* **What you should do**
Your answer should be the lines below from the one with "Proof. by rewrite addr_ge0 ?sqr_ge0. Qed." to the one with "Proof. by case: a", both included, given again exactly and with nothing added.

Stored data
-- Opening Marker --

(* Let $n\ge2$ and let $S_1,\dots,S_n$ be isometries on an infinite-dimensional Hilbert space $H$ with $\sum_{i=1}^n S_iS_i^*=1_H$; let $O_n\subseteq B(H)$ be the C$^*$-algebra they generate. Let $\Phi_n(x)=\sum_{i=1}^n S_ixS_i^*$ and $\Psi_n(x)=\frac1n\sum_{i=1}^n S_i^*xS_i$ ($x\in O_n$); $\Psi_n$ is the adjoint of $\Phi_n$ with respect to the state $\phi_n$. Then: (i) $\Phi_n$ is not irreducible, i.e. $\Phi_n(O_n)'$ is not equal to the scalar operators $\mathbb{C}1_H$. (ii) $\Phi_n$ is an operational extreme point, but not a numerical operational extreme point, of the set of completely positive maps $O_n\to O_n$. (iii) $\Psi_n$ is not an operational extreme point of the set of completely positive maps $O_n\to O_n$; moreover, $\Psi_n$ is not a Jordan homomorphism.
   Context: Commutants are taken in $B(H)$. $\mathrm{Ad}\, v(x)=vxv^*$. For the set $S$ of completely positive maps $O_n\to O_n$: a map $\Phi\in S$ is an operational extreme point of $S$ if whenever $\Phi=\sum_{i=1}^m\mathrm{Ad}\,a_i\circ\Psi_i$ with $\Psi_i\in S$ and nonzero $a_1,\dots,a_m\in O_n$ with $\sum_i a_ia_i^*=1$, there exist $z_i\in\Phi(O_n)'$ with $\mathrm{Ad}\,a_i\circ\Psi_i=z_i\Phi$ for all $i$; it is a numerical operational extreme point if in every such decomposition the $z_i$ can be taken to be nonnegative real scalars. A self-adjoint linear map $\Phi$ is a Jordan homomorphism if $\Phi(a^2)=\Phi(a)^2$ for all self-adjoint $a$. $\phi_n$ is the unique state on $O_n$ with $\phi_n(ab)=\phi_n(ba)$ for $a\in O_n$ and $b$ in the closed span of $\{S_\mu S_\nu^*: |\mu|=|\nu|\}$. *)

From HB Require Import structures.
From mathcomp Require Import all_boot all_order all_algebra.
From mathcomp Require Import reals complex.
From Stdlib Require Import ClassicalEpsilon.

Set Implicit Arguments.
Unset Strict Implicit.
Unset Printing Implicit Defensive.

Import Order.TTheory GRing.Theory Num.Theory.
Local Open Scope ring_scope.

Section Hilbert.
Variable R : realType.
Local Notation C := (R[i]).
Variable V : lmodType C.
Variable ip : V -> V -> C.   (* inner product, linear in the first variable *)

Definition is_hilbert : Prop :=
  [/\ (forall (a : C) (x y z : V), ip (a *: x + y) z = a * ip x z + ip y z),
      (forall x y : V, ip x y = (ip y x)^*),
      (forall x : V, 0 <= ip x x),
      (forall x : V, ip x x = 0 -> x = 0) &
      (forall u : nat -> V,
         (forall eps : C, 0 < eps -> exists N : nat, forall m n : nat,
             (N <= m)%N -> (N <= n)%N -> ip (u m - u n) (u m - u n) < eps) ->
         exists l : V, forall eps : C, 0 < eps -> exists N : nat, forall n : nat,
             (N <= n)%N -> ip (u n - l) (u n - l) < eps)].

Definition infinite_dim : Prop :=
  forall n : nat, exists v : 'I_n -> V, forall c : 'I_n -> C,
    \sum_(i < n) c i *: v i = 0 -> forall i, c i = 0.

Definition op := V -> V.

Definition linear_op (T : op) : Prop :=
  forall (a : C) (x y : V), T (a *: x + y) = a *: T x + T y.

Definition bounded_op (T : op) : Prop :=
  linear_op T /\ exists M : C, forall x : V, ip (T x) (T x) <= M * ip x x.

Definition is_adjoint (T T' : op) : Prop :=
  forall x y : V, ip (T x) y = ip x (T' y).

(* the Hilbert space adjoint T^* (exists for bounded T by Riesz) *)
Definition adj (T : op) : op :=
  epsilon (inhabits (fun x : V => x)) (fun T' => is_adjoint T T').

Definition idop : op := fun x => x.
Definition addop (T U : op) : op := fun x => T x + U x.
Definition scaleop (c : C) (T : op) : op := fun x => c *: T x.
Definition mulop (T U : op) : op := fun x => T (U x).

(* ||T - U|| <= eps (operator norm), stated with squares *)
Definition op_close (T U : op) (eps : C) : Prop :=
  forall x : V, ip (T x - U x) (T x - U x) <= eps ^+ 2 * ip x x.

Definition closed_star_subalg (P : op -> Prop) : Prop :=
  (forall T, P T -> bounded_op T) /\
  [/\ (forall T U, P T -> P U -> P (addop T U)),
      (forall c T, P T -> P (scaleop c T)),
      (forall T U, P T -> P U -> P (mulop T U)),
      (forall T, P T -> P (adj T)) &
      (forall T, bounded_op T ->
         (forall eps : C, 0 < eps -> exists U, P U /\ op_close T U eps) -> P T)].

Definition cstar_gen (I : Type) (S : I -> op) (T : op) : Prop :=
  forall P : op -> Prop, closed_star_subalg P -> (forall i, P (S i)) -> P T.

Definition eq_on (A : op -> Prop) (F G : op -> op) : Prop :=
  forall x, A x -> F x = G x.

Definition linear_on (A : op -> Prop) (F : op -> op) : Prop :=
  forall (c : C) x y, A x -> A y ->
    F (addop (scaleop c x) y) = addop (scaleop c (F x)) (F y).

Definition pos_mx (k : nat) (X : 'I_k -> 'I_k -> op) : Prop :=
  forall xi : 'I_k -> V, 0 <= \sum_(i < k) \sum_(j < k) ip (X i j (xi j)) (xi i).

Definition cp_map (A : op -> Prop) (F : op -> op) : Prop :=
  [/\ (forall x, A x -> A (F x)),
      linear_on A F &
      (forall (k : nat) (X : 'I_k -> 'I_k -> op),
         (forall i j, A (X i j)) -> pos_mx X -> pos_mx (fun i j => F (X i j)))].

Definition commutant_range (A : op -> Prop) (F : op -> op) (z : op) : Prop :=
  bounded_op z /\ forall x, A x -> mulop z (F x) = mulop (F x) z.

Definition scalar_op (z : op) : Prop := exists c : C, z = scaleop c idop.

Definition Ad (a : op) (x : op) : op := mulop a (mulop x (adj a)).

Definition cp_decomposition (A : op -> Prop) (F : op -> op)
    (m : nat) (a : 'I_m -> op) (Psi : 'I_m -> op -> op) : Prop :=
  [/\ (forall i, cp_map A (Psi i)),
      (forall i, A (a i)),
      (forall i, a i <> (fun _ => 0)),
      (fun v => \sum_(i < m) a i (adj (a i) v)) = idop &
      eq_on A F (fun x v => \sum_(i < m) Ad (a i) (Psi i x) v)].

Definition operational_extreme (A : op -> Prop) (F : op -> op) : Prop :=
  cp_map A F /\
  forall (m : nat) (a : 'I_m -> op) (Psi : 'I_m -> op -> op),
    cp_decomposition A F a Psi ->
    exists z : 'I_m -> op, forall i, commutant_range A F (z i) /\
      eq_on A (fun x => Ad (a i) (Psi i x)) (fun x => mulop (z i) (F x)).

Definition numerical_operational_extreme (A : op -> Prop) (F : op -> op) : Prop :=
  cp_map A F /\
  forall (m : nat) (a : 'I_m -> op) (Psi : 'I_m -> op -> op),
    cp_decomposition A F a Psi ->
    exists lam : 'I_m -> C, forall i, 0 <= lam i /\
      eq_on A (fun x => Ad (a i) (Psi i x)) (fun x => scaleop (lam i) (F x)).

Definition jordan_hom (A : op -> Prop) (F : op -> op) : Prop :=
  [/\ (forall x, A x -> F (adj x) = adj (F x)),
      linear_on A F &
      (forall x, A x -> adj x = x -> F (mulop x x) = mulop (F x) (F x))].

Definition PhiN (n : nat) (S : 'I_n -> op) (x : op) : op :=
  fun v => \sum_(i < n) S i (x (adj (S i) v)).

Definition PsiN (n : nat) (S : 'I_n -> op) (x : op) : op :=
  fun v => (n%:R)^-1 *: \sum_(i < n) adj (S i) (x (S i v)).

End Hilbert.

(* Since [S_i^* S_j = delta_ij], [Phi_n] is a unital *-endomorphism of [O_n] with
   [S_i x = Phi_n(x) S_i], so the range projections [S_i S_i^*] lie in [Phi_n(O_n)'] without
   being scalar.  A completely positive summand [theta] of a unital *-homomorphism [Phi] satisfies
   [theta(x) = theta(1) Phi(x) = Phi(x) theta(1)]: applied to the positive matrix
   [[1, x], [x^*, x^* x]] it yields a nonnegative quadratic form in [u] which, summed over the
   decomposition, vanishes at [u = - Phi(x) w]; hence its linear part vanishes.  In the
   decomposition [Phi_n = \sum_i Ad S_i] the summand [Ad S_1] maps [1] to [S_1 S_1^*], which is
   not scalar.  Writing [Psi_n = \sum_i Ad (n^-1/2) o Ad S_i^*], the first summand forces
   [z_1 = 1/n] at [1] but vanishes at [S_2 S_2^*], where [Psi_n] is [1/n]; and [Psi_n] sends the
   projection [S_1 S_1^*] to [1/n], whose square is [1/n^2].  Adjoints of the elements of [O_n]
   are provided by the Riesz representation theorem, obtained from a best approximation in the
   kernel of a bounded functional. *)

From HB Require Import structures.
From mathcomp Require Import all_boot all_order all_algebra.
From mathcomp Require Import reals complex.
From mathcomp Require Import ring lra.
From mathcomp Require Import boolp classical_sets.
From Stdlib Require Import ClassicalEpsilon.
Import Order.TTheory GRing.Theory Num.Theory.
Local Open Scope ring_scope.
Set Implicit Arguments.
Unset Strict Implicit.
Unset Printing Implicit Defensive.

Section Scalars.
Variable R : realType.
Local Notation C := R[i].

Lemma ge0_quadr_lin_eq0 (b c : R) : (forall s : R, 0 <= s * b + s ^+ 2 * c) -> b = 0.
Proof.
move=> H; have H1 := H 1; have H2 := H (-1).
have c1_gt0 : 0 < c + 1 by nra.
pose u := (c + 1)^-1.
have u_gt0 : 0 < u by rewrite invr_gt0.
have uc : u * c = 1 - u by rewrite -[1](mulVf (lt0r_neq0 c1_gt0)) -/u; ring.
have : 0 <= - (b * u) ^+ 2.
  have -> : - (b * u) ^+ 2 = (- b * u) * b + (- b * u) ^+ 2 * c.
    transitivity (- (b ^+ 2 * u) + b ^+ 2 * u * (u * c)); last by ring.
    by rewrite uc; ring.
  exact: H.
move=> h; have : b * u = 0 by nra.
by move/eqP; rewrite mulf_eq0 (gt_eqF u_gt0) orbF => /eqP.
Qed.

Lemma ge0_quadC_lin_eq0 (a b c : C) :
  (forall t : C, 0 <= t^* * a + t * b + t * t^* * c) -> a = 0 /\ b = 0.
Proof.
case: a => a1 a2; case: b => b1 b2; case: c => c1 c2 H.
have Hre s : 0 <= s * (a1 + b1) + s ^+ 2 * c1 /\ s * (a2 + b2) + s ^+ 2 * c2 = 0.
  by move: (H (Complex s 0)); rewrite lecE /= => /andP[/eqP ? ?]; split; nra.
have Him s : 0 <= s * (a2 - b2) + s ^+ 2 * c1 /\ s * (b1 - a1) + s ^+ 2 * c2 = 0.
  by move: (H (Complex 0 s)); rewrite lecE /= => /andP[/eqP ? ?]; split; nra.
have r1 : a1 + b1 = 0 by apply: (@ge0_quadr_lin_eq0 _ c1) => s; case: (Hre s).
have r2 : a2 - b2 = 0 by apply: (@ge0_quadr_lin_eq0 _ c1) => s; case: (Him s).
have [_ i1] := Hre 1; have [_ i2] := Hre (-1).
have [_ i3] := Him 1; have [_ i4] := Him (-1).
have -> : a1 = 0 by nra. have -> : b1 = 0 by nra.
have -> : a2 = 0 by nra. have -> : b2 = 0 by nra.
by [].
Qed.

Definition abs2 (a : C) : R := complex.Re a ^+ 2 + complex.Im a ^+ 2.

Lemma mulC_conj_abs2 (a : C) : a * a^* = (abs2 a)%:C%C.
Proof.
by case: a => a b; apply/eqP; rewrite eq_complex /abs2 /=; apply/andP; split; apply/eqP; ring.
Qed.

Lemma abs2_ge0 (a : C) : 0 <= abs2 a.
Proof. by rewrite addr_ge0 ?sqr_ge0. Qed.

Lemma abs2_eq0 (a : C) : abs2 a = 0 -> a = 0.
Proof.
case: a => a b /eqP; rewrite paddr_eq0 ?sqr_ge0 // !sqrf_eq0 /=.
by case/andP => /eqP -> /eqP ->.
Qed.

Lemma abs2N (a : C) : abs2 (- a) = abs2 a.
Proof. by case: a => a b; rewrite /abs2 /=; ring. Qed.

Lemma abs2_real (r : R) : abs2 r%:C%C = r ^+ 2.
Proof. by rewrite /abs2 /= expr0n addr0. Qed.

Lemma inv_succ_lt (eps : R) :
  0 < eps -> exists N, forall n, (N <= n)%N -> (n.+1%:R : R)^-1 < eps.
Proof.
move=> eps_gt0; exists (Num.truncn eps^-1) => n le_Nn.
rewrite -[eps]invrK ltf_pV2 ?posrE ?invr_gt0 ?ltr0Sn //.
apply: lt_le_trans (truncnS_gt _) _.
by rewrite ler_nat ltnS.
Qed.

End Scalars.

-- Closing Marker --
-- Opening Marker --

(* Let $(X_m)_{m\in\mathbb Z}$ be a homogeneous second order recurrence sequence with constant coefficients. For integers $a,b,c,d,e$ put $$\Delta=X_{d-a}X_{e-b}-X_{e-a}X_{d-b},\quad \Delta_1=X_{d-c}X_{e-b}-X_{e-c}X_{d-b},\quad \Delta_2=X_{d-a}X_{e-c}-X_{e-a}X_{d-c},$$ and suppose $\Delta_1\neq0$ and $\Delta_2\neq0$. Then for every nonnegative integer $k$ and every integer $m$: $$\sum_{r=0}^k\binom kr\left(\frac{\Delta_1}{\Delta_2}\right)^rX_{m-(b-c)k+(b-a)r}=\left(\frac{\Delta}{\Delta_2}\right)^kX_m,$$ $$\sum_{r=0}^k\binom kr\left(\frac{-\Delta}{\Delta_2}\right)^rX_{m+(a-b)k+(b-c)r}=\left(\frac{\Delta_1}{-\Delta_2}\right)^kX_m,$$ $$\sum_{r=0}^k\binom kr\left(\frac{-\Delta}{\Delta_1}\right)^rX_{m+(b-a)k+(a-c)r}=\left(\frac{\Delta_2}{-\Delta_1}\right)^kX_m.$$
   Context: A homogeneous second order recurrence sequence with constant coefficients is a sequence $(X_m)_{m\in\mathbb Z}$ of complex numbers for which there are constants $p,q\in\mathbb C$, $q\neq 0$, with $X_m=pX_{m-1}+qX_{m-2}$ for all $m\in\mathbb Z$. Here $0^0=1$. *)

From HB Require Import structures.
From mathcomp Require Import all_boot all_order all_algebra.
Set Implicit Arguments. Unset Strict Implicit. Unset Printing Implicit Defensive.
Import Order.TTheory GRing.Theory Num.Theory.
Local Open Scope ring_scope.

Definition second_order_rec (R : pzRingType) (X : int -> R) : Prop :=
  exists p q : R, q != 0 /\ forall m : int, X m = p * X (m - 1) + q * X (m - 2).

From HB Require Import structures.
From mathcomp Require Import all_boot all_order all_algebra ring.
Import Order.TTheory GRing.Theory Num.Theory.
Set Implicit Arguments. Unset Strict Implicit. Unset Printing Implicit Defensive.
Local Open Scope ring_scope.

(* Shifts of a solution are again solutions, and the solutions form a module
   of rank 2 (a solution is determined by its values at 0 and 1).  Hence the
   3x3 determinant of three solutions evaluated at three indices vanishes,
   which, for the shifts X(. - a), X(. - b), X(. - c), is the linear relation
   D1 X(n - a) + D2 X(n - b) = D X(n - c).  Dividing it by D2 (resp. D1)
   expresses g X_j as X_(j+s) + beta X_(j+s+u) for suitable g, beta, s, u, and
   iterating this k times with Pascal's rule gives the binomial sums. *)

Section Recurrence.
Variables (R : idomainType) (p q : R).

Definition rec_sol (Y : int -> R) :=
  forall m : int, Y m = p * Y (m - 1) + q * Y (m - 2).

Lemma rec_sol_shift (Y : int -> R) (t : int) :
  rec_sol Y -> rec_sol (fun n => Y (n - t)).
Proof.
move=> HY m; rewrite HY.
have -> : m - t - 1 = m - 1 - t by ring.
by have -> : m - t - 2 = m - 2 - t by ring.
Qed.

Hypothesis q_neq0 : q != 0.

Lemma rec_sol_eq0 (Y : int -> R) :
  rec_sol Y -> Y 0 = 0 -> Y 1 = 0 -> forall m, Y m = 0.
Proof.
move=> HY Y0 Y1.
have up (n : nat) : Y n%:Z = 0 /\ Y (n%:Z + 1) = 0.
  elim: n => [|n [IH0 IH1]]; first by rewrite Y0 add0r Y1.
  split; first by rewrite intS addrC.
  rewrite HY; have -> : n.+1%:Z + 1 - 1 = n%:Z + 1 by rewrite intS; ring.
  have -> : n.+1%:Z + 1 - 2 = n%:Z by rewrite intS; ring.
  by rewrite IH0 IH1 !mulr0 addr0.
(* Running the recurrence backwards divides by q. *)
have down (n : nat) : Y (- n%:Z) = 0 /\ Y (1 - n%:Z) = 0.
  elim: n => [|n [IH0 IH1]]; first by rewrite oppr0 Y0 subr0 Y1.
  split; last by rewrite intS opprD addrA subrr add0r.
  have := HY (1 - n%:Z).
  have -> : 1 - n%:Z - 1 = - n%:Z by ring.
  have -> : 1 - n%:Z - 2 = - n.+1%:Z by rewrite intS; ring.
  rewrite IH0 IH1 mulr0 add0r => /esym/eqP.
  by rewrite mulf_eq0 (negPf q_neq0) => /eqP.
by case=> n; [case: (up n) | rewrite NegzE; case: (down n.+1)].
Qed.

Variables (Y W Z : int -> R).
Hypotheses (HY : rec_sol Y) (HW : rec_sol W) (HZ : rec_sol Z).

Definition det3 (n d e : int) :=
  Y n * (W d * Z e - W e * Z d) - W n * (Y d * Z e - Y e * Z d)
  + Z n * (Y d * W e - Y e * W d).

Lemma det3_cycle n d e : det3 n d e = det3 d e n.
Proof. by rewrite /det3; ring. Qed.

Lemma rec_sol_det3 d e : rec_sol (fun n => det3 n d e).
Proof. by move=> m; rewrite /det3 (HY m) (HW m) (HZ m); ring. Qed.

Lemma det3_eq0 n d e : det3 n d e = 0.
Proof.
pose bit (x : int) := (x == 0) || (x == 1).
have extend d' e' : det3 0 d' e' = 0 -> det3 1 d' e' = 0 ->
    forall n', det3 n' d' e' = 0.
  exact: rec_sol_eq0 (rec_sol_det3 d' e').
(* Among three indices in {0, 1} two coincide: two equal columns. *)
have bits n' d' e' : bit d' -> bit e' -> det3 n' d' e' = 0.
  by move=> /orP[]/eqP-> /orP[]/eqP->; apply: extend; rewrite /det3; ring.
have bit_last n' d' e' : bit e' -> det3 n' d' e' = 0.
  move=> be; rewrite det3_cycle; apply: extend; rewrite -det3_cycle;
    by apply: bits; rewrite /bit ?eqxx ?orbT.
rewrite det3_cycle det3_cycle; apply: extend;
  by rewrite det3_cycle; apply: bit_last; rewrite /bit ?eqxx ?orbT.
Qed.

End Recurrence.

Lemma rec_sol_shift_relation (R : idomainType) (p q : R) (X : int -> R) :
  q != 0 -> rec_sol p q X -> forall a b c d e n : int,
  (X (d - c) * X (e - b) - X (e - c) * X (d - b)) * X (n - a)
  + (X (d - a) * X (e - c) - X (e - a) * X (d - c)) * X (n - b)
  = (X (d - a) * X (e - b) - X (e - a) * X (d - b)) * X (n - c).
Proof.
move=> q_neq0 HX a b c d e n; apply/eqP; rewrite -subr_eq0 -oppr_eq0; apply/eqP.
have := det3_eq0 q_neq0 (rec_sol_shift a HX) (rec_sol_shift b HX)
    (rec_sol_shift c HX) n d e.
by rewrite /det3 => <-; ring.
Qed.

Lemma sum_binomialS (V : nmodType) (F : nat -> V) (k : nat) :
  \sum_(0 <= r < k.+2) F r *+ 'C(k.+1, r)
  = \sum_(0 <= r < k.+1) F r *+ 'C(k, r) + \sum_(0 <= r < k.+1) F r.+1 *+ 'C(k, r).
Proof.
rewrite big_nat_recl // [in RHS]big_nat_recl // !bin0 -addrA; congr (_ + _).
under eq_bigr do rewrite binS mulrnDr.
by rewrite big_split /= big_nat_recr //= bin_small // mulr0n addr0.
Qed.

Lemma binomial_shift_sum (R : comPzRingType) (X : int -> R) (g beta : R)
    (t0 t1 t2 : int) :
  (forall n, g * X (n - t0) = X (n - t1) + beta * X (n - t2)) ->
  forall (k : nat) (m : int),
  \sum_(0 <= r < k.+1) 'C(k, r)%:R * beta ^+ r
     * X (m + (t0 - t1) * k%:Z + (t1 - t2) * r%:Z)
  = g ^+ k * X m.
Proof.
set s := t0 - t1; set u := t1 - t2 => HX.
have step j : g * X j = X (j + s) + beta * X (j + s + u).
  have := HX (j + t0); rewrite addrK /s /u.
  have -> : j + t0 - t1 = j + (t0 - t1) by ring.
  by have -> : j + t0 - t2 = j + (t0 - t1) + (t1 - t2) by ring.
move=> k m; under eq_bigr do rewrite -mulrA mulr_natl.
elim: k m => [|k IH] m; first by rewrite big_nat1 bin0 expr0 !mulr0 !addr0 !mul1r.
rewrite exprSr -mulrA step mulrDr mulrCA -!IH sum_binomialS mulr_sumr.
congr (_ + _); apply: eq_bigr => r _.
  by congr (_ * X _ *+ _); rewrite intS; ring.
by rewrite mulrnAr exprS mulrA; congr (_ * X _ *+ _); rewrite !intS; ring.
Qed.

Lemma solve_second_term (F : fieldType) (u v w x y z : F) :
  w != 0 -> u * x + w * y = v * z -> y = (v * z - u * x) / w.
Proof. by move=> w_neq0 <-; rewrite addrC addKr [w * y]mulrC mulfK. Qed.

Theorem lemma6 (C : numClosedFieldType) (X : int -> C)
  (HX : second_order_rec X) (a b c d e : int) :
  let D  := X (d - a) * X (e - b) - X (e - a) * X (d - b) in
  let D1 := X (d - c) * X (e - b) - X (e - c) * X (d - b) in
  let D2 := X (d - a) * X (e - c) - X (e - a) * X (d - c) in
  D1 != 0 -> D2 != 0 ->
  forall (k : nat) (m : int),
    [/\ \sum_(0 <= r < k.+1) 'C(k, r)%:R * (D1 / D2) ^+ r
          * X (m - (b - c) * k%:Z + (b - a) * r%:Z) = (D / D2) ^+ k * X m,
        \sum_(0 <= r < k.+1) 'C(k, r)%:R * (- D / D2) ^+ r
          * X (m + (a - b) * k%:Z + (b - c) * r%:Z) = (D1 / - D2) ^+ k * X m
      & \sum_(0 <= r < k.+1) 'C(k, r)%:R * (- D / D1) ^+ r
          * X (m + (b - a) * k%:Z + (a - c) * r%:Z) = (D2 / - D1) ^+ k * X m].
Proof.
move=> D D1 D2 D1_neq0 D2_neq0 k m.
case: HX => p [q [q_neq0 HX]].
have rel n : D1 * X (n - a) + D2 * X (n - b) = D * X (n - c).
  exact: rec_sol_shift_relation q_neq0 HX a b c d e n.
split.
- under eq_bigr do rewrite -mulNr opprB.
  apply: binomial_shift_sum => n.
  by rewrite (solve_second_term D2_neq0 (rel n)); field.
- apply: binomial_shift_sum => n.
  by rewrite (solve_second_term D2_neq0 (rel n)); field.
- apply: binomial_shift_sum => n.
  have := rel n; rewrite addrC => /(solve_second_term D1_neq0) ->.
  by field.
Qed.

-- Closing Marker --

* **Response area**
Proof. by rewrite addr_ge0 ?sqr_ge0. Qed.

Lemma abs2_eq0 (a : C) : abs2 a = 0 -> a = 0.
Proof.
case: a => a b /eqP; rewrite paddr_eq0 ?sqr_ge0 // !sqrf_eq0 /=.
by case/andP => /eqP -> /eqP ->.
Qed.

Lemma abs2N (a : C) : abs2 (- a) = abs2 a.
Proof. by case: a => a b; rewrite /abs2 /=; ring. Qed.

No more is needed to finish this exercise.